**What you need to do**:
Word for word, output the data that follows.
Segment Start: Data shown
Lemma card_Bplus_union_bound A B : A \subset Bplus n -> B \subset Bplus n ->
  #|A| + #|B| <= n + #|A :&: B|.
Proof.
move=> AB BB; rewrite -cardsUI leq_add2r.
by rewrite -[X in _ <= X]card_Bplus subset_leq_card // subUset AB BB.
Qed.

Lemma dagger_subset u : dagger u \subset Bplus n.
Proof. by apply/subsetP => a /imsetP [b _ ->]; rewrite in_Bplus. Qed.

Lemma dagger_id A : A \subset Bplus n -> dagger A = A.
Proof.
move=> /subsetP AB; apply/setP => a; apply/imsetP/idP => [[b bA ->] | aA].
  by rewrite -Bplus_eq ?AB.
by exists a; rewrite -?Bplus_eq ?AB.
Qed.

Lemma in_phi_inj u : in_phi u -> {in u &, forall a b, a.1 = b.1 -> a = b}.
Proof.
case/and4P => _ _ /forall_inP uinj _ a b au bu e.
by move/forall_inP: (uinj a au) => /(_ b bu); rewrite e eqxx => /eqP.
Qed.

Lemma card_dagger u : in_phi u -> #|dagger u| = #|u|.
Proof.
move=> uphi; rewrite card_in_imset // => a b au bu [e].
exact: in_phi_inj uphi a b au bu e.
Qed.

Lemma in_phi_Bplus A : A \subset Bplus n -> A != set0 -> in_phi A.
Proof.
move=> /subsetP AB A0; apply/and4P; split => //.
- by apply/subsetP => a /AB; rewrite !inE => ->.
- apply/forall_inP => a aA; apply/forall_inP => b bA; apply/implyP => /eqP e.
  by rewrite (Bplus_eq (AB _ aA)) (Bplus_eq (AB _ bA)) e.
- by apply/forall_inP => a /AB; rewrite in_Bplus => ->; rewrite implybT.
Qed.

Lemma mem_negatives u c : in_phi u -> c \in u -> ((c.1, true) \in negatives u) = ~~ c.2.
Proof.
move=> uphi cu; apply/imsetP/idP => [[d] | nc]; last by exists c; rewrite ?inE ?cu.
by rewrite inE => /andP [du nd] [e]; rewrite -(in_phi_inj uphi du cu (esym e)).
Qed.

Lemma sign_by_negatives u : in_phi u -> sign_by (dagger u) (negatives u) = u.
Proof.
move=> uphi; rewrite /sign_by /dagger -imset_comp -[RHS]imset_id.
by apply: eq_in_imset => c cu /=; rewrite mem_negatives // negbK; case: c cu.
Qed.

End SignedSets.

Section PhiFibre.

Variables (n : nat) (A : {set elt n}) (M : elt n).
Hypotheses (AB : A \subset Bplus n) (MA : M \in A)
  (Mmax : forall b, b \in A -> val b.1 <= val M.1).
Implicit Types (a : elt n) (N u : {set elt n}).

Lemma Bplus_eq_max a : a \in A -> val M.1 <= val a.1 -> a = M.
Proof.
move=> aA le; rewrite (Bplus_eq (subsetP AB _ aA)) (Bplus_eq (subsetP AB _ MA)).
by congr (_, _); apply/val_inj/eqP; rewrite eqn_leq le Mmax.
Qed.

Lemma mem_sign_by_neg N a : a \in A -> ((a.1, false) \in sign_by A N) = (a \in N).
Proof.
move=> aA; apply/imsetP/idP => [[b bA [e1 e2]] | aN]; last by exists a; rewrite ?aN.
have -> : a = b by rewrite (Bplus_eq (subsetP AB _ aA)) (Bplus_eq (subsetP AB _ bA)) e1.
by move: e2; case: (b \in N).
Qed.

Lemma sign_by_inj : {in powerset A &, injective (sign_by A)}.
Proof.
move=> N1 N2; rewrite !powersetE => N1A N2A e; apply/setP => x.
have [xA | xA] := boolP (x \in A); first by rewrite -!(mem_sign_by_neg _ xA) e.
by rewrite (contraNF (subsetP N1A x) xA) (contraNF (subsetP N2A x) xA).
Qed.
Segment End: Data shown
**Exercise solution**:
Lemma card_Bplus_union_bound A B : A \subset Bplus n -> B \subset Bplus n ->
  #|A| + #|B| <= n + #|A :&: B|.
Proof.
move=> AB BB; rewrite -cardsUI leq_add2r.
by rewrite -[X in _ <= X]card_Bplus subset_leq_card // subUset AB BB.
Qed.

Lemma dagger_subset u : dagger u \subset Bplus n.
Proof. by apply/subsetP => a /imsetP [b _ ->]; rewrite in_Bplus. Qed.

Lemma dagger_id A : A \subset Bplus n -> dagger A = A.
Proof.
move=> /subsetP AB; apply/setP => a; apply/imsetP/idP => [[b bA ->] | aA].
  by rewrite -Bplus_eq ?AB.
by exists a; rewrite -?Bplus_eq ?AB.
Qed.

Lemma in_phi_inj u : in_phi u -> {in u &, forall a b, a.1 = b.1 -> a = b}.
Proof.
case/and4P => _ _ /forall_inP uinj _ a b au bu e.
by move/forall_inP: (uinj a au) => /(_ b bu); rewrite e eqxx => /eqP.
Qed.

Lemma card_dagger u : in_phi u -> #|dagger u| = #|u|.
Proof.
move=> uphi; rewrite card_in_imset // => a b au bu [e].
exact: in_phi_inj uphi a b au bu e.
Qed.

Lemma in_phi_Bplus A : A \subset Bplus n -> A != set0 -> in_phi A.
Proof.
move=> /subsetP AB A0; apply/and4P; split => //.
- by apply/subsetP => a /AB; rewrite !inE => ->.
- apply/forall_inP => a aA; apply/forall_inP => b bA; apply/implyP => /eqP e.
  by rewrite (Bplus_eq (AB _ aA)) (Bplus_eq (AB _ bA)) e.
- by apply/forall_inP => a /AB; rewrite in_Bplus => ->; rewrite implybT.
Qed.

Lemma mem_negatives u c : in_phi u -> c \in u -> ((c.1, true) \in negatives u) = ~~ c.2.
Proof.
move=> uphi cu; apply/imsetP/idP => [[d] | nc]; last by exists c; rewrite ?inE ?cu.
by rewrite inE => /andP [du nd] [e]; rewrite -(in_phi_inj uphi du cu (esym e)).
Qed.

Lemma sign_by_negatives u : in_phi u -> sign_by (dagger u) (negatives u) = u.
Proof.
move=> uphi; rewrite /sign_by /dagger -imset_comp -[RHS]imset_id.
by apply: eq_in_imset => c cu /=; rewrite mem_negatives // negbK; case: c cu.
Qed.

End SignedSets.

Section PhiFibre.

Variables (n : nat) (A : {set elt n}) (M : elt n).
Hypotheses (AB : A \subset Bplus n) (MA : M \in A)
  (Mmax : forall b, b \in A -> val b.1 <= val M.1).
Implicit Types (a : elt n) (N u : {set elt n}).

Lemma Bplus_eq_max a : a \in A -> val M.1 <= val a.1 -> a = M.
Proof.
move=> aA le; rewrite (Bplus_eq (subsetP AB _ aA)) (Bplus_eq (subsetP AB _ MA)).
by congr (_, _); apply/val_inj/eqP; rewrite eqn_leq le Mmax.
Qed.

Lemma mem_sign_by_neg N a : a \in A -> ((a.1, false) \in sign_by A N) = (a \in N).
Proof.
move=> aA; apply/imsetP/idP => [[b bA [e1 e2]] | aN]; last by exists a; rewrite ?aN.
have -> : a = b by rewrite (Bplus_eq (subsetP AB _ aA)) (Bplus_eq (subsetP AB _ bA)) e1.
by move: e2; case: (b \in N).
Qed.

Lemma sign_by_inj : {in powerset A &, injective (sign_by A)}.
Proof.
move=> N1 N2; rewrite !powersetE => N1A N2A e; apply/setP => x.
have [xA | xA] := boolP (x \in A); first by rewrite -!(mem_sign_by_neg _ xA) e.
by rewrite (contraNF (subsetP N1A x) xA) (contraNF (subsetP N2A x) xA).
Qed.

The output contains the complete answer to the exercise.